Voice keyboard is a demo application showcasing Deepgram's new turn-taking speech-to-text API: Flux.
A voice-controlled Linux virtual keyboard that converts speech to text and types it into any application.
As a result of directly targeting Linux as a driver, this works with all Linux applications.
- Voice-to-Text: Real-time speech recognition using Deepgram's Flux API service (turn-taking STT)
- Virtual Keyboard: Creates a virtual input device that works with all applications
- Incremental Typing: Smart transcript updates with minimal backspacing for real-time corrections
The application solves a common Linux privilege problem:
- Virtual keyboard creation requires root access to
/dev/uinput
- Audio input requires user-space access to PipeWire/PulseAudio
Solution: The application starts with root privileges, creates the virtual keyboard, then drops privileges to access the user's audio session.
# Install Rust
curl --proto '=https' --tlsv1.2 -sSf https://rustup.rs | sh
# Install required system packages (Fedora/RHEL)
sudo dnf install alsa-lib-devel
# Install required system packages (Ubuntu/Debian)
sudo apt install libasound2-dev
git clone <repository-url>
cd voice-keyboard
cargo build
You’ll need a Deepgram API key to authenticate with Flux.
- Create or manage keys in the Deepgram console: Create additional API keys
- Export the key so the app can pick it up (recommended):
export DEEPGRAM_API_KEY="dg_your_api_key_here"
- The client sends the header
Authorization: Token <DEEPGRAM_API_KEY>
. - For CI or systemd services, set
DEEPGRAM_API_KEY
in the environment for the service user. - Security tip: treat API keys like passwords.
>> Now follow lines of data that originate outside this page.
Section NoSignalling.
Variables nz nw nx ny : nat.

(* [M z w x y] is the amplitude <z, w| V |x, y> of a map V : X (x) Y -> Z (x) W. *)

Definition tens_isometry (M : 'I_nz -> 'I_nw -> 'I_nx -> 'I_ny -> C) :=
  forall x y x' y', \sum_z \sum_w (M z w x y)^* * M z w x' y' = dlt C x x' * dlt C y y'.

Definition no_signalling (M : 'I_nz -> 'I_nw -> 'I_nx -> 'I_ny -> C)
    (R : 'I_nx -> 'I_nz -> 'I_nx -> 'I_nz -> C) :=
  forall x y x' y' z z', \sum_w M z w x y * (M z' w x' y')^* = dlt C y y' * R x z x' z'.

Definition block (M : 'I_nz -> 'I_nw -> 'I_nx -> 'I_ny -> C) z x : 'M[C]_(nw, ny) :=
  \matrix_(w, y) M z w x y.

Variables (M : 'I_nz -> 'I_nw -> 'I_nx -> 'I_ny -> C) (R : 'I_nx -> 'I_nz -> 'I_nx -> 'I_nz -> C).
Hypotheses (isoM : tens_isometry M) (nosigM : no_signalling M R).

Lemma adjmx_block_mul z x z' x' : adjmx (block M z' x') *m block M z x = (R x z x' z')%:M.
Proof.
apply/matrixP => y' y; rewrite !mxE; under eq_bigr do rewrite !mxE mulrC.
by rewrite nosigM /dlt mulr_natl eq_sym.
Qed.

Lemma sum_block_trace x : (0 < ny)%N -> \sum_z R x z x z = 1.
Proof.
move=> ny_gt0; pose y0 := Ordinal ny_gt0.
have := isoM x y0 x y0; rewrite !dltxx mulr1 => <-.
apply: eq_bigr => z _; have := nosigM x y0 x y0 z z; rewrite dltxx mul1r => <-.
by apply: eq_bigr => w _; rewrite mulrC.
Qed.

Lemma nondegenerate_block x : (0 < ny)%N -> exists z, R x z x z != 0.
Proof.
move=> ny_gt0; have [z nz_z | all0] := pickP (fun z => R x z x z != 0); first by exists z.
have := sum_block_trace x ny_gt0; rewrite big1 => [/eqP|z _]; first by rewrite eq_sym oner_eq0.
by apply/eqP; rewrite -[_ == 0]negbK all0.
Qed.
Prefer env vars over committing keys to files.
Use the provided runner script:
./run.sh
# Build and run with proper privilege handling
cargo build
sudo -E ./target/debug/voice-keyboard --test-stt
Important: Always use sudo -E
to preserve environment variables needed for audio access.
This application uses Deepgram Flux, the company's new turn‑taking STT API. The default WebSocket URL is wss://api.preview.deepgram.com/v2/listen
.
voice-keyboard [OPTIONS]
OPTIONS:
--test-audio Test audio input and show levels
--test-stt Test speech-to-text functionality (default if no other mode specified)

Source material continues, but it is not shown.